Freshly baked Becasse Bread: Pumpkin brioche, stout epi and garlic rosemary Auvergne
Olive oil spread with black sea salt

olive oil on a piece of stout epi
2008 Freeman Rondo rose
Spring Bay Scallop with organic radish stems, green chilli and balck pepper
Sping Bay mussels, abalone with braised periwinkles, bouillabaisse mousseline and sea urchin jelly
Roast rib of Gundooee organic grass fed wagyu beef with osso bucco of shin, broad bean puree, and crushed Bauer organic Dutch cream potatoes
accompanying wine
Sutton Grange Organic Farm Holy Goat la Luna with caper and raisin puree, baby beets and fresh almonds
Becasse deconstructed orange carrot cake
2007 Vinden Estate Botrytis Semillon
Slow Food Founder Carlo Petrini with a pathetic fan

Terre Madre

“We are in the midst of three major crisis: the crisis of finance, the crisis of food, the crisis of the environment including climate change, are all routed in the same causes. The globalized economy is based on fictions, it is based on greed, is failing us, is leading from crisis to crisis. Terra Madre invites us to return to the terra – earth, and madre – the earth as mother. All we have to do is once again remember how our mothers fed the world… It’s that generosity and abundance of sharing, of caring that we must rejuvenate.

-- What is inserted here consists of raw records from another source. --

(* Let $(K,D,v)$ be a VD-field such that $(K,v)$ is spherically complete and the residue field $Kv$ is linearly $D$-closed. Let $f\in\mathcal{O}[X_0,X_1,\dots,X_n]$ and assume there is $b\in\mathcal{O}$ such that $$\gamma:=\min_{0\le i\le n} v\frac{\partial f}{\partial X_i}(b,Db,\dots,D^nb)<\infty\quad\text{and}\quad vf(b,Db,\dots,D^nb)>2\gamma.$$ Then there is $a\in K$ such that $f(a,Da,\dots,D^na)=0$ and $v(a-b)>\gamma$.
   Context: $(K,v)$ is a valued field with valuation ring $\mathcal{O}=\{y:vy\ge0\}$, valuation ideal $\mathcal{M}=\{y:vy>0\}$, residue field $Kv=\mathcal{O}/\mathcal{M}$, value group $vK$. $(K,v)$ is spherically complete if the ultrametric space $(K,u)$ with $u(a,b)=v(a-b)$ is spherically complete, i.e. every family of balls $\{x: v(x-c)\ge\alpha\}$ (or unions of such with a common point) totally ordered by inclusion has non-empty intersection. A VD-field is a valued field $(K,v)$ with an additive map $D:K\to K$ such that: (VDF1) $vDa\ge va$ for all $a\in K$; (VDF2) $vK=\{va\mid a\in K,\ vDa>va\}$; (VDF3) there is $e\in\mathcal{O}$ with $D(ab)=aDb+bDa+e(Da)(Db)$ for all $a,b\in K$. By (VDF1), $D$ induces an additive map on $Kv$, again denoted $D$, with $D(av)=(Da)v$ for $a\in\mathcal{O}$. $D^i$ denotes the $i$-th iterate ($D^0=\mathrm{id}$). $Kv$ is linearly $D$-closed if every operator $\sum_{i=0}^n c_iD^i$ with $c_i\in Kv$ is surjective on $Kv$. *)

From mathcomp Require Import all_boot all_algebra.
From mathcomp Require Import mpoly.

Set Implicit Arguments.
Unset Strict Implicit.
Unset Printing Implicit Defensive.

Import GRing.Theory.
Local Open Scope ring_scope.

Definition is_oag (G : zmodType) (le : rel G) : Prop :=
  [/\ reflexive le, antisymmetric le, transitive le, total le
    & forall x y z : G, le x y -> le (x + z) (y + z)].

(* A (Krull) valuation v : K -> G, where v 0 = "infinity" is left implicit:
   v is only meaningful on nonzero elements; G is the value group vK
   (v is surjective from K^x onto G). *)
Definition is_valuation (K : fieldType) (G : zmodType) (le : rel G)
  (v : K -> G) : Prop :=
  [/\ is_oag le,
      forall x y : K, x != 0 -> y != 0 -> v (x * y) = v x + v y,
      forall x y : K, x != 0 -> y != 0 -> x + y != 0 ->
         le (v x) (v (x + y)) \/ le (v y) (v (x + y))
    & forall g : G, exists2 x : K, x != 0 & v x = g].

Section ValuedField.
Variables (K : fieldType) (G : zmodType) (le : rel G) (v : K -> G).

Definition lt_ (a b : G) := (a != b) && le a b.

Definition vge (x : K) (g : G) : bool := (x == 0) || le g (v x).
Definition vgt (x : K) (g : G) : bool := (x == 0) || lt_ g (v x).
Definition vle (x y : K) : bool := (y == 0) || ((x != 0) && le (v x) (v y)).
Definition vlt (x y : K) : bool := (x != 0) && ((y == 0) || lt_ (v x) (v y)).

Definition vring (x : K) : bool := (x == 0) || le 0 (v x).
Definition videal (x : K) : bool := (x == 0) || lt_ 0 (v x).

(* Balls: {x : v(x - c) >= a} and unions of such balls having a common point,
   i.e. sets {x : x = c or v(x - c) \in L} with L a nonempty final segment
   of G. *)
Definition ball (c : K) (L : pred G) : pred K :=
  fun x => (x == c) || L (v (x - c)).

Definition final_segment (L : pred G) : Prop :=
  (exists g, L g) /\ forall g h, L g -> le g h -> L h.

Definition spherically_complete : Prop :=
  forall (I : Type) (c : I -> K) (L : I -> pred G),
    (forall i, final_segment (L i)) ->
    (forall i j, {subset ball (c i) (L i) <= ball (c j) (L j)} \/
                 {subset ball (c j) (L j) <= ball (c i) (L i)}) ->
    exists x : K, forall i, ball (c i) (L i) x.

Definition is_VD (D : K -> K) : Prop :=
  [/\ forall x y, D (x + y) = D x + D y,
      forall a : K, vle a (D a),
      forall a : K, a != 0 -> exists b : K, [/\ b != 0, v b = v a & vlt b (D b)]
    & exists2 e : K, vring e &
        forall a b : K, D (a * b) = a * D b + b * D a + e * D a * D b].

(* The residue field Kv = O/M is linearly D-closed: every nonzero operator
   sum_{i<=m} c_i D^i with c_i in Kv is surjective on Kv.  Written out on
   representatives: c_i in O, not all in M; for every y in O there is x in O
   with sum_i c_i D^i x - y in M. *)
Definition residue_linearly_D_closed (D : K -> K) : Prop :=
  forall (m : nat) (c : 'I_m.+1 -> K),
    (forall i, vring (c i)) -> (exists i, ~~ videal (c i)) ->
    forall y : K, vring y ->
      exists2 x : K, vring x &
        videal (\sum_(i < m.+1) c i * iter i D x - y).

End ValuedField.

Definition jet (K : fieldType) (D : K -> K) (n : nat) (a : K) : 'I_n.+1 -> K :=
  fun i => iter i D a.
Arguments jet {K} D n a.

From mathcomp Require Import all_boot all_algebra.
From mathcomp Require Import mpoly.
From mathcomp Require Import ring.
From Stdlib Require Import Classical.
From mathcomp Require classical_sets.

(* Newton's method, made transfinite by spherical completeness.  Call c an
   approximation if v(c - b) > γ and v f(c) > 2γ, and say that t refines s if
   v f(s) <= v f(t) and v(t - s) >= v f(s) - γ.  By a second-order Taylor
   estimate at the jets, the balls B(s, v f(s) - γ) of a chain of
   approximations are nested and any point in their intersection is an
   approximation refining the whole chain; so Zorn's lemma gives a maximal
   approximation c.  If f(c) were nonzero, pick t with v t = v f(c) - γ and
   v(Dt) > v t: then D^i(t x) = t D^i x up to terms of value > v t, so the
   linear part of f(c + t x) - f(c) is t d L(x), with d = ∂_{i0} f(b) of value
   γ and L = Σ_i (∂_i f(c) / d) D^i an operator whose residue has a unit
   coefficient.  Solving L(x) = -f(c) / (t d) in Kv yields a refinement
   c + t x of c with v f(c + t x) > v f(c), contradicting maximality. *)

Set Implicit Arguments.
Unset Strict Implicit.
Unset Printing Implicit Defensive.
Import GRing.Theory.
Local Open Scope ring_scope.

Section OrderedGroup.
Variables (G : zmodType) (le : rel G).
Hypothesis ho : is_oag le.
Local Notation lt := (lt_ le).

Lemma oag_refl x : le x x. Proof. by case: ho. Qed.

Lemma oag_trans x y z : le x y -> le y z -> le x z.
Proof. by case: ho => _ _ t _ _; exact: t. Qed.

Lemma oag_anti x y : le x y -> le y x -> x = y.
Proof. by case: ho => _ a _ _ _ h1 h2; apply: a; rewrite h1 h2. Qed.

Lemma oag_total x y : le x y || le y x.
Proof. by case: ho => _ _ _ t _; exact: t. Qed.

Lemma oag_leDr x y z : le x y -> le (x + z) (y + z).
Proof. by case: ho => _ _ _ _ h; exact: h. Qed.

Lemma oag_leD a b c d : le a b -> le c d -> le (a + c) (b + d).
Proof.
move=> hab hcd; apply: oag_trans (oag_leDr c hab) _.
by rewrite ![b + _]addrC; exact: oag_leDr.
Qed.

Lemma oag_ltW a b : lt a b -> le a b. Proof. by case/andP. Qed.

Lemma oag_ltxx a : lt a a = false. Proof. by rewrite /lt_ eqxx. Qed.

Lemma oag_le_ltF a b : le a b -> lt b a -> False.
Proof. by move=> h /andP[/negP ne h2]; apply: ne; apply/eqP/oag_anti. Qed.

Lemma oag_lt_le_trans a b c : lt a b -> le b c -> lt a c.
Proof.
move=> h1 h2; apply/andP; split; last exact: oag_trans (oag_ltW h1) h2.
by apply/negP => /eqP E; subst c; exact: oag_le_ltF h2 h1.
Qed.

Lemma oag_ltDr a b z : lt a b -> lt (a + z) (b + z).
Proof.
move=> /andP[ne h]; apply/andP; split; last exact: oag_leDr.
by apply: contra ne => /eqP /addIr ->.
Qed.

Lemma oag_lt_leD a b c d : lt a b -> le c d -> lt (a + c) (b + d).
Proof.
move=> hab hcd; apply: oag_lt_le_trans (oag_ltDr c hab) _.
by rewrite ![b + _]addrC; exact: oag_leDr.
Qed.

Lemma oag_le_double g : le 0 g -> le g (g + g).
Proof. by move=> h; have := oag_leDr g h; rewrite add0r. Qed.

Lemma oag_double_eq0 (g : G) : g + g = 0 -> g = 0.
Proof.
move=> E; case/orP: (oag_total 0 g) => h; apply: oag_anti => //;
  by have := oag_leDr g h; rewrite add0r E.
Qed.

End OrderedGroup.

Section Valuation.
Variables (K : fieldType) (G : zmodType) (le : rel G) (v : K -> G).
Hypothesis hv : is_valuation le v.
Local Notation ge := (vge le v).
Local Notation gt := (vgt le v).
Local Notation lt := (lt_ le).

Lemma valuation_oag : is_oag le. Proof. by case: hv. Qed.
Let ho : is_oag le := valuation_oag.

Lemma vM x y : x != 0 -> y != 0 -> v (x * y) = v x + v y.
Proof. by case: hv => _ h _ _; exact: h. Qed.

Lemma v_surj g : exists2 x : K, x != 0 & v x = g.
Proof. by case: hv => _ _ _ h; exact: h. Qed.

Lemma v1 : v 1 = 0.
Proof.
have := vM (oner_neq0 K) (oner_neq0 K); rewrite mulr1 => E.
by apply: (addrI (v 1)); rewrite addr0.
Qed.

Lemma vN x : v (- x) = v x.
Proof.
have vN1 : v (-1) = 0.
  apply: (oag_double_eq0 ho); rewrite -vM ?oppr_eq0 ?oner_eq0 //.
  by rewrite mulrNN mulr1 v1.
have [->|nx] := eqVneq x 0; first by rewrite oppr0.
by rewrite -mulN1r vM ?oppr_eq0 ?oner_eq0 // vN1 add0r.
Qed.

Lemma vV x : x != 0 -> v x^-1 = - v x.
Proof.
move=> nx; have := vM nx (invr_neq0 nx); rewrite mulfV // v1 => E.
by apply: (addrI (v x)); rewrite -E subrr.
Qed.

Lemma vgeE x g : x != 0 -> ge x g = le g (v x).
Proof. by rewrite /vge => /negbTE ->. Qed.

Lemma vgtE x g : x != 0 -> gt x g = lt g (v x).
Proof. by rewrite /vgt => /negbTE ->. Qed.

Lemma vge0 g : ge 0 g. Proof. by rewrite /vge eqxx. Qed.

Lemma vgt0 g : gt 0 g. Proof. by rewrite /vgt eqxx. Qed.

Lemma vge_v x : ge x (v x).
Proof. by have [->|nx] := eqVneq x 0; rewrite ?vge0 // vgeE // (oag_refl ho). Qed.

Lemma vge1 : ge 1 0. Proof. by rewrite vgeE ?oner_eq0 // v1 (oag_refl ho). Qed.

Lemma vgeN x g : ge (- x) g = ge x g.
Proof. by rewrite /vge vN oppr_eq0. Qed.

Lemma vgtN x g : gt (- x) g = gt x g.
Proof. by rewrite /vgt vN oppr_eq0. Qed.

Lemma vgeD x y g : ge x g -> ge y g -> ge (x + y) g.
Proof.
have [->|nx] := eqVneq x 0; first by rewrite add0r.
have [->|ny] := eqVneq y 0; first by rewrite addr0.
have [->|nxy] := eqVneq (x + y) 0; first by rewrite vge0.
rewrite !vgeE // => hx hy; have [_ _ /(_ x y nx ny nxy) [] h _] := hv.
- exact: (oag_trans ho hx h).
- exact: (oag_trans ho hy h).
Qed.

Lemma vgtD x y g : gt x g -> gt y g -> gt (x + y) g.
Proof.
have [->|nx] := eqVneq x 0; first by rewrite add0r.
have [->|ny] := eqVneq y 0; first by rewrite addr0.
have [->|nxy] := eqVneq (x + y) 0; first by rewrite vgt0.
rewrite !vgtE // => hx hy; have [_ _ /(_ x y nx ny nxy) [] h _] := hv.
- exact: (oag_lt_le_trans ho hx h).
- exact: (oag_lt_le_trans ho hy h).
Qed.

Lemma vgtB x y g : gt x g -> gt y g -> gt (x - y) g.
Proof. by move=> hx hy; apply: vgtD; rewrite ?vgtN. Qed.

Lemma vgtW x g : gt x g -> ge x g.
Proof. by rewrite /vgt /vge => /orP[->//|/oag_ltW ->]; rewrite orbT. Qed.

Lemma vge_mono x a b : le a b -> ge x b -> ge x a.
Proof. by rewrite /vge => h /orP[->//|h2]; rewrite (oag_trans ho h h2) orbT. Qed.

Lemma vge_gt x a b : lt a b -> ge x b -> gt x a.
Proof.
by rewrite /vge /vgt => h /orP[->//|h2]; rewrite (oag_lt_le_trans ho h h2) orbT.
Qed.

Lemma vgeM x y a b : ge x a -> ge y b -> ge (x * y) (a + b).
Proof.
have [->|nx] := eqVneq x 0; first by move=> *; rewrite mul0r vge0.
have [->|ny] := eqVneq y 0; first by move=> *; rewrite mulr0 vge0.
by rewrite !vgeE ?mulf_neq0 // vM //; exact: (oag_leD ho).
Qed.

Lemma vgt_geM x y a b : gt x a -> ge y b -> gt (x * y) (a + b).
Proof.
have [->|nx] := eqVneq x 0; first by move=> *; rewrite mul0r vgt0.
have [->|ny] := eqVneq y 0; first by move=> *; rewrite mulr0 vgt0.
by rewrite vgtE // vgeE // vgtE ?mulf_neq0 // vM //; exact: (oag_lt_leD ho).
Qed.

Lemma vge_gtM x y a b : ge x a -> gt y b -> gt (x * y) (a + b).
Proof. by move=> hx hy; rewrite mulrC addrC; exact: vgt_geM. Qed.

Lemma vgeM_ge0l x y a b : le 0 a -> ge x a -> ge y b -> ge (x * y) b.
Proof.
move=> ha hx hy; apply: vge_mono (vgeM hx hy).
by have := oag_leDr ho b ha; rewrite add0r.
Qed.

Lemma vgeM_ge0r x y a b : le 0 a -> ge x b -> ge y a -> ge (x * y) b.
Proof. by move=> ha hx hy; rewrite mulrC; exact: vgeM_ge0l hy hx. Qed.

Lemma vge0_div x y : y != 0 -> ge x (v y) -> ge (x / y) 0.
Proof.
move=> ny hx; rewrite -(subrr (v y)) -(vV ny).
exact: vgeM hx (vge_v _).
Qed.

Lemma vgt0_div x y : y != 0 -> gt x (v y) -> gt (x / y) 0.
Proof.
move=> ny hx; rewrite -(subrr (v y)) -(vV ny).
exact: vgt_geM hx (vge_v _).
Qed.

Lemma ball_le c r x : ball v c (le r) x = ge (x - c) r.
Proof. by rewrite /ball /vge subr_eq0. Qed.

Lemma vge_sum (I : Type) (r : seq I) (F : I -> K) g :
  (forall i, ge (F i) g) -> ge (\sum_(i <- r) F i) g.
Proof.
by move=> hF; apply: (big_ind (ge^~ g)) => //; [exact: vge0 | move=> ? ?; exact: vgeD].
Qed.

Lemma vgt_sum (I : Type) (r : seq I) (F : I -> K) g :
  (forall i, gt (F i) g) -> gt (\sum_(i <- r) F i) g.
Proof.
by move=> hF; apply: (big_ind (gt^~ g)) => //; [exact: vgt0 | move=> ? ?; exact: vgtD].
Qed.

Lemma vge_muln x g k : ge x g -> ge (x *+ k) g.
Proof.
by move=> hx; elim: k => [|k ih]; rewrite ?mulr0n ?vge0 // mulrS vgeD.
Qed.

End Valuation.

Lemma meval_mderivX (R : comNzRingType) (N : nat) (z : 'I_N -> R) (i j : 'I_N) :
  (mderiv i 'X_j).@[z] = (j == i)%:R.
Proof.
rewrite mderivX mevalZ mevalX mnm1E.
have [->|ne] := eqVneq j i; last by rewrite mul0r.
by rewrite mul1r big1 // => k _; rewrite mnmBE subnn expr0.
Qed.

Section Taylor.
Variables (K : fieldType) (G : zmodType) (le : rel G) (v : K -> G).
Hypothesis hv : is_valuation le v.
Variables (N : nat) (x h : 'I_N -> K) (g : G).
Hypotheses (hg : le 0 g) (hx : forall i, vge le v (x i) 0)
  (hh : forall i, vge le v (h i) g).
Local Notation ge := (vge le v).
Let ho := valuation_oag hv.
Let le00 := oag_refl ho 0.
Let hg2 : le 0 (g + g) := oag_trans ho hg (oag_le_double ho hg).

Definition taylor_rem (p : {mpoly K[N]}) : K :=
  p.@[fun i => x i + h i] - p.@[x] - \sum_(i < N) (mderiv i p).@[x] * h i.

Definition taylor_bounded (p : {mpoly K[N]}) : Prop :=
  [/\ ge p.@[x] 0, forall i, ge (mderiv i p).@[x] 0 & ge (taylor_rem p) (g + g)].

Lemma taylor_remE p : p.@[fun i => x i + h i] =
  p.@[x] + \sum_(i < N) (mderiv i p).@[x] * h i + taylor_rem p.
Proof. by rewrite /taylor_rem; ring. Qed.

Lemma vge_linear_term p : (forall i, ge (mderiv i p).@[x] 0) ->
  ge (\sum_(i < N) (mderiv i p).@[x] * h i) g.
Proof.
by move=> hd; apply: (vge_sum hv) => i; exact: (vgeM_ge0l hv le00 (hd i) (hh i)).
Qed.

We can, we are the future, let’s make it happen.”

Vandana Shiva
Slow Food International Vice President Opening Ceremony Terre Madre

On Tuesday night I attended my first meeting as the ‘Terre Madre’ organiser for the Sydney Slow Food Committee. The Slow Food movement is a non-profit, eco-gastronomic member-supported organization founded in 1989 by Italian Carlo Petrini. Its charter is to counteract fast food and fast life, the disappearance of local food traditions and people’s dwindling interest in the food they eat, where it comes from, how it tastes and how our food choices affect the rest of the world. Today, we have over 100,000 members in 132 countries.
Every two years thousand of farmers, producers and chefs from around the world meet in Torino, Italy for the Terre Madre (Mother Earth) conference to discuss the major themes of food production. Together they share and compare the diverse and complex issues that underlie what “high-quality food” means to them: issues of environmental resources and planetary equilibrium, and aspects of taste, worker dignity, and consumer safety.
The next Terre Madre will be held in Torino Italy in September 2010.

Sydney is hoping to send 12 delegates to this prestigious gathering who represent the best of our food traditions. We’re looking for growers, farmers, cooks, chefs, young people, teachers, foodies who are passionate about slow food traditions and demonstrate that commitment in their day-to-day life.

We’ll keep you updated on our website. And while you’re there sign up as a member of Slow Food. You’ll get to attend some exclusive food events, meet some of the world’s leading chefs and food leaders and share your love of good food with others.It’ll be the best $100 you’ve ever spent! http://slowfoodsydney.com.au/

One of the greatest disciples of the Slow Food Movement is US chef and restaurateur Alice Waters who runs the famous Chez Panisse Restaurant and Cafe in Berkley California.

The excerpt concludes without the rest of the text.